La douzaine de frappes a touché une zone qui abritait du combustible nucléaire. Mais le pire a été évité, assure Emmanuelle Galichet, enseignante-chercheuse en physique nucléaire.

“Ce n’est pas anodin, évidemment. Aujourd’hui, il n’y a aucun risque de rejet radioactif dans l’environnement. Les bombardements n’ont pas touché de zones extrêmement critiques”, assure-t-elle.

Pourtant, il faut à tout prix faire taire les armes à proximité de la centrale, alerte la chercheuse associée à la Fondation pour la Recherche Stratégie, Lova Rinel. “On n’a jamais connu un conflit où une centrale nucléaire fait l’objet d’une cible tactique sur une question de front militaire. Parce que derrière la question des frappes, se cache le risque d’incidents”, explique-t-elle.

Peu de chances d'accord sur une sanctuarisation

L'Agence internationale de l'énergie atomique réclame un accord entre Ukrainiens et Russe. Difficile, prédit la spécialiste de la dissuasion nucléaire.

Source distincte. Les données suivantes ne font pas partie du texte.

Lemma taylor2_err_sq_le_kappa_sq x0 x :
  0 < x0 <= 2 * PI -> g x0 = 0 -> 0.2825 <= kappa_sq x0 ->
  taylor2_err_sq x <= kappa_sq x0 * x ^ 4.
Proof.
intros Hx0 Hg Hkappa.
assert (Hnonneg : forall t, 0 <= t -> taylor2_err_sq t <= kappa_sq x0 * t ^ 4).
{ intros t Ht; destruct (Rle_lt_or_eq_dec 0 t Ht) as [Hpos | <-].
  - assert (0 < t ^ 4) by (apply pow_lt; lra).
    destruct (Rle_or_lt t (2 * PI)).
    + replace (taylor2_err_sq t) with (kappa_sq t * t ^ 4)
        by (unfold kappa_sq; field; lra).
      apply Rmult_le_compat_r; [lra |].
      apply (kappa_sq_le_root x0); [easy | easy | lra].
    + pose proof PI_bounds; pose proof (taylor2_err_sq_le_large t).
      apply Rle_trans with (0.2825 * t ^ 4); [lra |].
      apply Rmult_le_compat_r; lra.
  - unfold taylor2_err_sq; rewrite cos_0, sin_0; lra. }
destruct (Rle_or_lt 0 x); [now apply Hnonneg |].
rewrite <- taylor2_err_sq_opp; replace (x ^ 4) with ((- x) ^ 4) by ring.
apply Hnonneg; lra.
Qed.

Lemma sqrt_le_sqrt_mul_sq a b x :
  0 <= a -> b <= a * x ^ 4 -> sqrt b <= sqrt a * x ^ 2.
Proof.
intros Ha Hb.
rewrite <- (sqrt_pow2 (x ^ 2)) by apply pow2_ge_0.
rewrite <- sqrt_mult_alt by exact Ha.
apply sqrt_le_1_alt; replace ((x ^ 2) ^ 2) with (x ^ 4) by ring; exact Hb.
Qed.

Theorem lemma3 :
  exists x0 : R,
    (* x0 is the unique root of g on (0, 2*pi] *)
    (0 < x0 <= 2 * PI /\ g x0 = 0 /\
     (forall y : R, 0 < y <= 2 * PI -> g y = 0 -> y = x0)) /\
    (* it lies in (pi, 2*pi), with x0 = 5.487414... *)
    (PI < x0 < 2 * PI) /\
    (5487414 / 1000000 <= x0 < 5487415 / 1000000) /\
    (* kappa = kappa_at x0 = 0.531551... *)
    (531551 / 1000000 <= kappa_at x0 < 531552 / 1000000) /\
    (* the inequality *)
    (forall x : R,
       Cmod (cexpi x - 1 - (Ci * RtoC x)%C - ((Ci * RtoC x) ^ 2 / 2)%C)
         <= kappa_at x0 * x ^ 2).
Proof.
destruct g_root_exists as [x0 [Hx0 Hg]].
pose proof (x0_bounds_in_PI_2PI x0 Hx0) as HPI.
assert (Hx0_range : 0 < x0 <= 2 * PI) by (pose proof PI_bounds; lra).
destruct (kappa_sq_root_bounds x0 Hx0 Hg) as [Hlow Hup].
assert (Hkappa : kappa_at x0 = sqrt (kappa_sq x0)) by (apply kappa_at_sqrt; lra).
exists x0; split; [| split; [| split; [| split]]].
- split; [exact Hx0_range | split; [exact Hg |]].
  intros y Hy Hgy; exact (g_root_unique y x0 Hy Hx0_range Hgy Hg).
- exact HPI.
- unfold x0_lower, x0_upper in Hx0; lra.
- rewrite Hkappa, <- (sqrt_pow2 (531551 / 1000000)), <- (sqrt_pow2 (531552 / 1000000)) by lra.
  split; [apply sqrt_le_1_alt | apply sqrt_lt_1_alt]; lra.
- intros x; rewrite Cmod_taylor2_err, Hkappa.
  apply sqrt_le_sqrt_mul_sq; [lra |].
  apply taylor2_err_sq_le_kappa_sq; [exact Hx0_range | exact Hg | lra].
Qed.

“L’un des vrais enjeux, c’est qui sera en charge de la souveraineté de Zaporijia parce que c’est une centrale ukrainienne. Les Russes sont venus la voler et elle est sur un territoire occupé. Et c’est ça, le sujet”, précise-t-elle.

La centrale nucléaire de Zaporijia est à l'arrêt depuis début septembre, mais les six réacteurs continuent d'être réfrigérés pour éviter tout incident.